§ **WHAT THE TASK REQUIRES**
Beginning with the line where "Lemma mem_dup i" occurs, set down each line of the records through the final one, exactly and without additions.

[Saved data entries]
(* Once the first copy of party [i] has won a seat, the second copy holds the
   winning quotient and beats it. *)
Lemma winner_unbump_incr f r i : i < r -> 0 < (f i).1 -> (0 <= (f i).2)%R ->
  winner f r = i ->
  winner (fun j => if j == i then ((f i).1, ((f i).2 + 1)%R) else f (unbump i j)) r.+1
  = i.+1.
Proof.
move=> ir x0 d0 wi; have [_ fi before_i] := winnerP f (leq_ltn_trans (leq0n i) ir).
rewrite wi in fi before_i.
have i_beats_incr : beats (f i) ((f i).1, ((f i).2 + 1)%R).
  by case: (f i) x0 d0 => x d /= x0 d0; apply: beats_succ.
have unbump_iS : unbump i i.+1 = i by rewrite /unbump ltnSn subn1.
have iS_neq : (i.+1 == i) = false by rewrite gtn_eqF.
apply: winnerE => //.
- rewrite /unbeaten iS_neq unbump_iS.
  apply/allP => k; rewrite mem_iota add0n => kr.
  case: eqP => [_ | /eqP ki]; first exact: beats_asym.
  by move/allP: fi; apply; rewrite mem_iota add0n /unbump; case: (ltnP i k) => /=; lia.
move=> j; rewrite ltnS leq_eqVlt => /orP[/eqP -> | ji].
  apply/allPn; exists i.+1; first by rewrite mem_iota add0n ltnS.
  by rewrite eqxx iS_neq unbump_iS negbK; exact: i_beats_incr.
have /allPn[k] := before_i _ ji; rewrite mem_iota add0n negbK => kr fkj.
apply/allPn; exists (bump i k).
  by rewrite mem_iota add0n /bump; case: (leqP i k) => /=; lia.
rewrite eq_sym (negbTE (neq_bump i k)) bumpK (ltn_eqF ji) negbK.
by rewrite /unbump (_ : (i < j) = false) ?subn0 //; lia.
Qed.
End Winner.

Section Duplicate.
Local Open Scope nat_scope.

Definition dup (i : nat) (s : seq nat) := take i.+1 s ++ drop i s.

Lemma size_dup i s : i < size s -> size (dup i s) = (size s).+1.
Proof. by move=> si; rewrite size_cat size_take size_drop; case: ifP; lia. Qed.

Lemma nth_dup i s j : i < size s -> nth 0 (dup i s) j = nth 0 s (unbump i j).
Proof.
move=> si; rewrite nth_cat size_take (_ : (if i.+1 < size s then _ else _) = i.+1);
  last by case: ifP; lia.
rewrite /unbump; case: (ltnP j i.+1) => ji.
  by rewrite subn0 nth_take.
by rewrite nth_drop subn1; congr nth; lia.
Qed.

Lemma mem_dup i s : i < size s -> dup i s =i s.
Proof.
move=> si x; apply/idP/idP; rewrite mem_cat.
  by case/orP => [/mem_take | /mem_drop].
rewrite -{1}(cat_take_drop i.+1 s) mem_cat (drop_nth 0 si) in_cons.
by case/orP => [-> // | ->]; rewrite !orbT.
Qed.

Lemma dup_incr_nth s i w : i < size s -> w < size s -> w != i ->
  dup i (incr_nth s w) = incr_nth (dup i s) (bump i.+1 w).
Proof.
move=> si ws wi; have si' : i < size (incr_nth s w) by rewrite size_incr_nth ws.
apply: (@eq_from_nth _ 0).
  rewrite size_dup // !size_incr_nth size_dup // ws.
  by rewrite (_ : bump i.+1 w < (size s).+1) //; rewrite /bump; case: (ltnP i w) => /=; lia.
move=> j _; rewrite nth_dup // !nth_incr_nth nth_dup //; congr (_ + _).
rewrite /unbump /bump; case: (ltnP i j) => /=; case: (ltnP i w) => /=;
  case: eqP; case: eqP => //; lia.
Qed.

§ **SOLUTION TO THE EXERCISE**
Lemma mem_dup i s : i < size s -> dup i s =i s.
Proof.
move=> si x; apply/idP/idP; rewrite mem_cat.
  by case/orP => [/mem_take | /mem_drop].
rewrite -{1}(cat_take_drop i.+1 s) mem_cat (drop_nth 0 si) in_cons.
by case/orP => [-> // | ->]; rewrite !orbT.
Qed.

Lemma dup_incr_nth s i w : i < size s -> w < size s -> w != i ->
  dup i (incr_nth s w) = incr_nth (dup i s) (bump i.+1 w).
Proof.
move=> si ws wi; have si' : i < size (incr_nth s w) by rewrite size_incr_nth ws.
apply: (@eq_from_nth _ 0).
  rewrite size_dup // !size_incr_nth size_dup // ws.
  by rewrite (_ : bump i.+1 w < (size s).+1) //; rewrite /bump; case: (ltnP i w) => /=; lia.
move=> j _; rewrite nth_dup // !nth_incr_nth nth_dup //; congr (_ + _).
rewrite /unbump /bump; case: (ltnP i j) => /=; case: (ltnP i w) => /=;
  case: eqP; case: eqP => //; lia.
Qed.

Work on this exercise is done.